Network connectivity to the Global Catalog server must be fast and of high quality because
access to a GC is required for successful network logon. Given that a site is bounded by rapid
and reliable network connectivity, at least one GC domain controller per site is recommended.

Master Operation Roles (FSMO ROLES)

Multimaster domain replication assumes that all domain controllers eventually receive
synchronized Active Directory information. However, there are master domain controller
relationships to handle certain Active Directory information within a domain or forest. The
master roles are defined below:

Domain naming master. This domain controller manages the addition and removal of
domains in the forest. A forest can have only one domain naming master, which can be
transferred to another domain controller through the Active Directory Domains and
Trusts snap-in.

Infrastructure master. The infrastructure master is responsible for managing group and
user references. Expect a delay in changes to user g when they are made across domains.
Updates to other domains are made by the infrastructure master domain controller via a
process called multimaster replication. This master role can be transferred to another
domain controller through the Active Directory Users and Computers snap-in.
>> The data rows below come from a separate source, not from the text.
Theorem lemma14 :
  exists C : nat, (0 < C)%N /\
  forall (R : realFieldType) (G : eqType) (mul : G -> G -> G) (inv : G -> G) (one : G),
    is_group mul inv one ->
  forall (m k : nat) (eps : R) (A L : seq G) (mu : G -> R),
    (1 <= m)%N -> (1 <= k)%N -> 0 < eps -> eps < 1 ->
    uniq A -> uniq L -> A != [::] ->
    (forall x, 0 <= mu x) ->
    C%:R * m%:R / eps ^+ 2 <= k%:R ->
    let g := convAL R mul inv A L in
    let f := fun x => g x * (1 - g x) in
    let S := prodset mul A L in
    (size A)%:R ^- k *
      \sum_(t : {ffun 'I_k -> 'I_(size A)})
         Lpow S mu (fun x => convTL R mul inv (fun j => nth one A (t j)) L x - g x) (2 * m)
    <= eps ^+ (2 * m) * Lpow S mu f m + eps ^+ (4 * m - 2) * Lpow S mu f 1.
Proof.
(* The bound holds pointwise in x. *)
exists 512%N; split => //.
move=> R G mul inv one _ m k eps A L mu m_gt0 _ eps_gt0 _ _ _ A_neq0 mu_ge0 le_k.
cbv zeta; rewrite /Lpow; set g := convAL R mul inv A L.
rewrite exchange_big mulr_sumr !mulr_sumr -big_split /=; apply: ler_sum => x _.
pose h a := ((mul (inv (nth one A a)) x \in L) : nat)%:R : R.
have def_g : g x = (size A)%:R^-1 * \sum_(a < size A) h a.
  by rewrite /g /convAL (big_nth one) big_mkord.
have h01 a : h a = 0 \/ h a = 1 by rewrite /h; case: (_ \in L); [right | left].
have A_gt0 : (0 < size A)%N by rewrite lt0n size_eq0.
rewrite -mulr_sumr mulrCA (mulrCA _ (mu x)) (mulrCA _ (mu x)) -mulrDr ler_wpM2l //.
exact: indicator_sample_moment_le A_gt0 h01 def_g m_gt0 eps_gt0 le_k.
Qed.
Lemma sfan_base_join (i j : sfan_idx) (t : sfan) :
  [set: sfan_idx] i -> [set: sfan_idx] j -> sfan_base i t -> sfan_base j t ->
  exists k, [/\ [set: sfan_idx] k, sfan_base k t & sfan_base k `<=` sfan_base i `&` sfan_base j].
Proof.
move=> _ _; case: i => [[g p] [|]]; case: j => [[h q] [|]] /=.
- move=> Hi Hj; exists (fun n => maxn (g n) (h n), p, true); split => //=.
  + case: Hi => [->|[n [k [gk Et]]]]; first by left.
    case: Hj => [Et'|[n' [k' [hk' Et']]]]; first by rewrite Et in Et'.
    rewrite Et in Et' *; case: Et' => En Ek; subst n' k'; right; exists n, k.
    by split => //; rewrite geq_max gk hk'.
  + move=> z [->|[n [k [gk ->]]]]; first by split; left.
    by split; right; exists n, k; split => //; move: gk; rewrite geq_max => /andP[].
- move=> Hi Ht; subst t; exists (h, q, false); split => //= z ->; split => //; exact: Hi.
- move=> Ht Hj; subst t; exists (g, p, false); split => //= z ->; split => //; exact: Hj.
- move=> Hp Hq; subst t; exists (g, p, false); split => //= z ->; split => //; exact: Hq.
Qed.

HB.instance Definition _ := isPointed.Build sfan_idx (fun _ => 0%N, (0, 0)%N, false).
HB.instance Definition _ := isBaseTopological.Build sfan
  sfan_base_cover sfan_base_join.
PDC Emulator master. In a mixed Windows 2000 and Windows NT environment, the
PDC Emulator master supports the BDCs. Thus, it manages user account and password
changes, and forwards that information to the Windows NT BDC. In a native mode
Windows 2000 environment, the PDC Emulator master receives preference in the
replication of user account passwords. Before a logon fails, it is checked for updated
information. This master role can be transferred to another domain controller through the
Active Directory Users and Computers snap-in.

Relative ID master. A single relative ID master in each domain of a tree manages the
allocation of sequential relative IDs (RIDs) to each of the domain controllers. This makes
all security IDs (SIDs) created in a domain relative to the domain controller. This master
role can be transferred to another domain controller through the Active Directory Users
and Computers snap-in.

Schema master. The schema master controls updates to the domain schema data. There
is one schema master in the entire forest. It can be transferred to another domain
controller through the Active Directory Schema Master snap-in.